# How to complete this task
Please quote exactly the lines below from the line containing "have := near_bipartite_bound" to the line containing "have cardC' : (#|C|", both lines included, and nothing else.

# Extracted entries
Lemma card_setI_preim_le (A : {set gT}) : (2 * #|A| <= #|gT|)%N ->
  (#|A :&: sg @^-1: A| <= M * (2 * #|out_nbhd (cay_adj sg S) A|))%N.
Proof.
move=> hA; have /expanding : (2 * #|A :&: sg @^-1: A| <= #|gT|)%N.
  by apply: leq_trans hA; rewrite leq_mul2l subset_leq_card ?subsetIl ?orbT.
move/leq_trans; apply; rewrite leq_mul2l; apply/orP; right.
exact: leq_trans (subset_leq_card (bdryI _ _ _)) (card_twisted_defect A).
Qed.

Lemma card_bdry_setU_preim_le (A : {set gT}) :
  (#|bdry S (A :|: sg @^-1: A)| <= 2 * #|out_nbhd (cay_adj sg S) A|)%N.
Proof. exact: leq_trans (subset_leq_card (bdryU _ _ _)) (card_twisted_defect A). Qed.

Variable d : nat.
Hypothesis Sd : (#|S| <= d)%N.

Lemma twisted_expanding (A : {set gT}) : (2 * #|A| <= #|gT|)%N ->
  (#|A| <= 36 * (M.+1 ^ 2 * d.+1) * #|out_nbhd (cay_adj sg S) A|)%N.
Proof.
move=> hA; set o := #|out_nbhd _ A|; set A' := sg @^-1: A.
set I := A :&: A'; set B := A :|: A'.
have cardI : (#|I| <= M * (2 * o))%N := card_setI_preim_le hA.
have cardbdB : (#|bdry S B| <= 2 * o)%N := card_bdry_setU_preim_le A.
have [Bsmall|Bbig] := leqP (2 * #|B|) #|gT|.
  have : (#|A| <= M * (2 * o))%N.
    apply: leq_trans (subset_leq_card (subsetUl A A')) _.
    by apply: leq_trans (expanding Bsmall) _; rewrite leq_mul2l cardbdB orbT.
  move/leq_trans; apply; nia.
set C := ~: B.
have cardbdC : (#|bdry S C| <= 2 * o * d)%N.
  apply: leq_trans (subset_leq_card (bdryC Ssym B)) _.
  exact: leq_trans (leq_card_mulg _ _) (leq_mul cardbdB Sd).
have cardC : (#|C| <= M * (2 * o * d))%N.
  have /expanding : (2 * #|C| <= #|gT|)%N.
    by move: Bbig; have := cardsC B; rewrite -/C; set n := #|gT|; lia.
  by move/leq_trans; apply; rewrite leq_mul2l cardbdC orbT.
have cardJ : (#|noncut_ends S A| <= 2 * o + #|I| + #|C| + #|bdry S C|)%N.
  apply: leq_trans (subset_leq_card (noncut_ends_sub S A A')) _.
  have := card_twisted_defect A; rewrite -/A' -/o => cardF.
  by do 3 (apply: leq_trans (leq_card_setU _ _).1 _; apply: leq_add => //).
have cardr : (#|symd (~: A) A'| <= #|I| + #|C|)%N.
  have -> : symd (~: A) A' = I :|: C.
    by apply/setP => y; rewrite in_symd !inE; case: (y \in A); case: (sg y \in A).
  exact: (leq_card_setU _ _).1.
have := near_bipartite_bound hA; rewrite -/A'.
set P := (M.+1 * d.+1 * o)%N.
have cardI' : (#|I| <= 2 * P)%N by apply: leq_trans cardI _; rewrite /P; nia.
have cardC' : (#|C| <= 2 * P)%N by apply: leq_trans cardC _; rewrite /P; nia.
have cardbdC' : (#|bdry S C| <= 2 * P)%N by apply: leq_trans cardbdC _; rewrite /P; nia.
have cardo : (2 * o <= 2 * P)%N by rewrite /P; nia.
have cardJ' : (M * (2 * #|noncut_ends S A|) <= M * (16 * P))%N.
  by rewrite leq_mul2l; apply/orP; right; lia.
have -> : (36 * (M.+1 ^ 2 * d.+1) * o = 36 * (M.+1 * P))%N by rewrite /P; ring.
nia.
Qed.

# Output of the exercise
have := near_bipartite_bound hA; rewrite -/A'.
set P := (M.+1 * d.+1 * o)%N.
have cardI' : (#|I| <= 2 * P)%N by apply: leq_trans cardI _; rewrite /P; nia.
have cardC' : (#|C| <= 2 * P)%N by apply: leq_trans cardC _; rewrite /P; nia.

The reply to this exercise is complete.